Why Environmental Biomarkers Work: Transcriptome-Proteome Correlations and Modeling of Multi-Stressor Experiments in the Marine Bacterium Trichodesmium

Ocean microbial communities are important contributors to the global biogeochemical reactions that sustain life on Earth. The factors controlling these communities are being increasingly explored through the use of metatranscriptomic and metaproteomic environmental biomarkers, despite ongoing uncertainty about the coherence between RNA and protein signals. Using published proteomes and transcriptomes from the abundant colony-forming cyanobacterium Trichodesmium (strain T. erythraeum IMS101) grown under varying Fe and/or P limitation and/or co-limitation in low and high CO2, we observed robust correlations of stress induced proteins and RNAs (i.e., those involved in transport and homeostasis) that can yield useful information on nutrient status under low and/or high CO2. Conversely, transcriptional and translational correlations of many other central metabolism pathways exhibit broad discordance. A cellular RNA and protein production/degradation model demonstrates how biomolecules with small initial inventories, such as environmentally responsive proteins, can achieve large increases in fold-change units, as opposed to those with higher basal expression and inventory such as metabolic systems.
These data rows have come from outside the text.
(* Let $X$ be a pure simplicial complex, $k\ge0$, $L$ a $k$-dimensional $l$-assignment, and $(\pi_\sigma)_{\sigma\in X(k)}$ any family of permutations of $[l]$. Then $$\mathrm{dist}(L,\mathcal A_l)\le\frac1l\sum_{i=1}^l\mathrm{dist}\big((L^\sigma_{\pi_\sigma(i)})_{\sigma\in X(k)},\mathcal A\big),$$ where $\mathcal A_l$ is the set of agreeing $k$-dimensional $l$-assignments and $\mathcal A$ the set of agreeing $k$-dimensional assignments.
   Context: $X(k)$ = faces with $k+1$ elements; weights $w_X(\sigma)=|\{\tau\in X(d):\sigma\subseteq\tau\}|/(\binom{d+1}{|\sigma|}|X(d)|)$ for $d=\dim X$. A $k$-dimensional assignment is $F=(F^\sigma)_{\sigma\in X(k)}$, $F^\sigma:\sigma\to\{0,1\}$; agreeing if some $g:X(0)\to\{0,1\}$ has $g|_\sigma=F^\sigma$ for all $\sigma$; $\mathrm{dist}(F,F')=\sum_{\sigma:F^\sigma\ne F'^\sigma}w_X(\sigma)$. A $k$-dimensional $l$-assignment is $L=(L^\sigma_i)_{\sigma\in X(k),i\in[l]}$ with $L^\sigma_i:\sigma\to\{0,1\}$; $\mathrm{dist}(L,M)=\sum_\sigma w_X(\sigma)|\{i:L^\sigma_i\neq M^\sigma_i\}|/l$; $L$ is agreeing if there are $g_1,\dots,g_l:X(0)\to\{0,1\}$ and permutations $\rho_\sigma$ of $[l]$ with $L^\sigma_{\rho_\sigma(i)}=g_i|_\sigma$ for all $\sigma,i$. Distance to a set is the minimum. *)

From HB Require Import structures.
From mathcomp Require Import all_boot all_order all_algebra all_fingroup.
Set Implicit Arguments. Unset Strict Implicit. Unset Printing Implicit Defensive.
Import Order.TTheory GRing.Theory Num.Theory.
Local Open Scope ring_scope.

Section Defs.
Variable V : finType.

Definition simplicial_complex (X : {set {set V}}) : Prop :=
  forall s t : {set V}, s \in X -> t \subset s -> t \in X.

Definition dimX (X : {set {set V}}) : nat := (\max_(s in X) #|s|).-1.

Definition faces (X : {set {set V}}) (k : nat) : {set {set V}} :=
  [set s in X | #|s| == k.+1].

Definition pure (X : {set {set V}}) : Prop :=
  forall s, s \in X -> exists2 t, t \in faces X (dimX X) & s \subset t.

Variable R : realFieldType.

Definition weight (X : {set {set V}}) (s : {set V}) : R :=
  let d := dimX X in
  (#|[set t in faces X d | s \subset t]|%:R) /
  ('C(d.+1, #|s|)%:R * (#|faces X d|)%:R).

(* k-dimensional assignment: F sigma v = F^sigma(v) (only values for sigma in X(k), v in sigma matter) *)
Definition assignment := {ffun {set V} -> {ffun V -> bool}}.

Definition differ_at (F G : assignment) (s : {set V}) : bool :=
  [exists v in s, F s v != G s v].

Definition agreeing (X : {set {set V}}) (k : nat) (F : assignment) : bool :=
  [exists g : {ffun V -> bool},
     [forall s in faces X k, forall v in s, F s v == g v]].

Definition dist (X : {set {set V}}) (k : nat) (F G : assignment) : R :=
  \sum_(s in faces X k | differ_at F G s) weight X s.

Definition zero_assignment : assignment := [ffun _ => [ffun _ => false]].

(* dist(F, A) = minimum over agreeing assignments (the set is nonempty:
   it contains zero_assignment, which serves as the initial value). *)
Definition dist_agreeing (X : {set {set V}}) (k : nat) (F : assignment) : R :=
  \big[Num.min/dist X k F zero_assignment]_(G : assignment | agreeing X k G) dist X k F G.

(* k-dimensional l-assignment: L i sigma v = L^sigma_i(v) *)
Definition lassignment (l : nat) := {ffun 'I_l -> assignment}.

Definition ldist (X : {set {set V}}) (k l : nat) (L M : lassignment l) : R :=
  \sum_(s in faces X k)
     weight X s * ((#|[set i : 'I_l | differ_at (L i) (M i) s]|)%:R / l%:R).

Definition lagreeing (X : {set {set V}}) (k l : nat) (L : lassignment l) : bool :=
  [exists g : {ffun 'I_l -> {ffun V -> bool}},
   exists rho : {ffun {set V} -> {perm 'I_l}},
     [forall s in faces X k, forall i : 'I_l, forall v in s,
        L (rho s i) s v == g i v]].

Definition zero_lassignment (l : nat) : lassignment l := [ffun _ => zero_assignment].

Definition ldist_agreeing (X : {set {set V}}) (k l : nat) (L : lassignment l) : R :=
  \big[Num.min/ldist X k L (zero_lassignment l)]_(M : lassignment l | lagreeing X k M)
     ldist X k L M.

Definition slice (l : nat) (L : lassignment l) (pi : {ffun {set V} -> {perm 'I_l}}) (i : 'I_l)
  : assignment := [ffun s => L (pi s i) s].

End Defs.

From HB Require Import structures.
From mathcomp Require Import all_boot all_order all_algebra all_fingroup.
Import Order.TTheory GRing.Theory Num.Theory.
Local Open Scope ring_scope.

(* Permuting the l layers independently on every face does not change the
   number of layers on which two l-assignments differ there, so
   dist(L, M) is the average of the distances between corresponding slices.
   Picking a closest agreeing assignment G_i to each slice of L and stacking
   them, layer G_i placed at position pi_sigma(i) on sigma, gives an agreeing
   l-assignment (the permutations rho_sigma are the pi_sigma) whose distance
   to L is exactly the right-hand side. *)

Section SliceDistance.
Context {V : finType} (R : realFieldType) {X : {set {set V}}} {k l : nat}.
Context (pi : {ffun {set V} -> {perm 'I_l}}).
Implicit Types (L M : lassignment V l).

Definition unslice (G : 'I_l -> assignment V) : lassignment V l :=
  [ffun j => [ffun s => G ((pi s)^-1%g j) s]].

Lemma slice_unslice (G : 'I_l -> assignment V) i : slice (unslice G) pi i = G i.
Proof. by apply/ffunP => s; rewrite !ffunE permK. Qed.

Lemma differ_at_slice L M i s :
  differ_at (slice L pi i) (slice M pi i) s = differ_at (L (pi s i)) (M (pi s i)) s.
Proof. by rewrite /differ_at !ffunE. Qed.

Lemma card_differ_slice L M s :
  #|[set i | differ_at (slice L pi i) (slice M pi i) s]| =
  #|[set i | differ_at (L i) (M i) s]|.
Proof.
rewrite -[RHS](card_preimset _ (@perm_inj _ (pi s))); apply: eq_card => i.
by rewrite !inE differ_at_slice.
Qed.

Lemma ldist_slice L M :
  ldist R X k L M = l%:R^-1 * \sum_(i < l) dist R X k (slice L pi i) (slice M pi i).
Proof.
rewrite /ldist /dist big_distrr /=.
under [RHS]eq_bigr do rewrite big_mkcondr big_distrr /=.
rewrite exchange_big /=; apply: eq_bigr => s _.
rewrite -big_distrr -big_mkcond /= sumr_const -card_differ_slice cardsE.
by rewrite -[weight _ _ _ *+ _]mulr_natr [RHS]mulrCA [_^-1 * _]mulrC.
Qed.

Lemma lagreeing_unslice {G : 'I_l -> assignment V} :
  (forall i, agreeing X k (G i)) -> lagreeing X k (unslice G).
Proof.
move=> GA; have /fin_all_exists [g Gg] := fun i => elimT existsP (GA i).
apply/existsP; exists [ffun i => g i]; apply/existsP; exists pi.
apply/forall_inP => s sX; apply/forallP => i; apply/forall_inP => v vs.
by rewrite !ffunE permK; move/forall_inP/(_ s sX)/forall_inP/(_ v vs): (Gg i).
Qed.

End SliceDistance.

Lemma agreeing_zero {V : finType} (X : {set {set V}}) k :
  agreeing X k (zero_assignment V).
Proof.
apply/existsP; exists [ffun=> false].
by apply/forall_inP => s _; apply/forall_inP => v _; rewrite !ffunE.
Qed.

Lemma dist_agreeing_attained {V : finType} (R : realFieldType)
    (X : {set {set V}}) k (F : assignment V) :
  exists2 G, agreeing X k G & dist_agreeing R X k F = dist R X k F G.
Proof.
rewrite /dist_agreeing.
case: (arg_minP (dist R X k F) (agreeing_zero X k)) => G GA Gmin.
exists G => //; apply/le_anti/andP; split; first exact: bigmin_le_cond.
by apply/bigmin_geP; split; [exact: Gmin (agreeing_zero X k) | exact: Gmin].
Qed.

Lemma ldist_agreeing_le {V : finType} (R : realFieldType) {X : {set {set V}}} {k l}
    (L : lassignment V l) {M : lassignment V l} :
  lagreeing X k M -> ldist_agreeing R X k L <= ldist R X k L M.
Proof. exact: bigmin_le_cond. Qed.

Theorem mainTheorem6 (R : realFieldType) (V : finType) (X : {set {set V}})
  (k l : nat) (L : lassignment V l) (pi : {ffun {set V} -> {perm 'I_l}}) :
  simplicial_complex X -> pure X ->
  ldist_agreeing R X k L <=
    (l%:R)^-1 * \sum_(i < l) dist_agreeing R X k (slice L pi i).
Proof.
move=> _ _.
have /fin_all_exists2 [G GA Gdist] :=
  fun i => dist_agreeing_attained R X k (slice L pi i).
apply: le_trans (ldist_agreeing_le R L (lagreeing_unslice pi GA)) _.
rewrite (ldist_slice R pi).
by under eq_bigr do rewrite slice_unslice -Gdist.
Qed.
Microbial cells, due to their close proximity to the environment, tend to show large adaptive responses to environmental stimuli in both RNA and protein that result in transcript-protein correlations. These observations and model results demonstrate a multi-omic coherence for environmental biomarkers and provide the underlying mechanism for those observations, supporting the promise for global application in detecting responses to environmental stimuli in a changing ocean.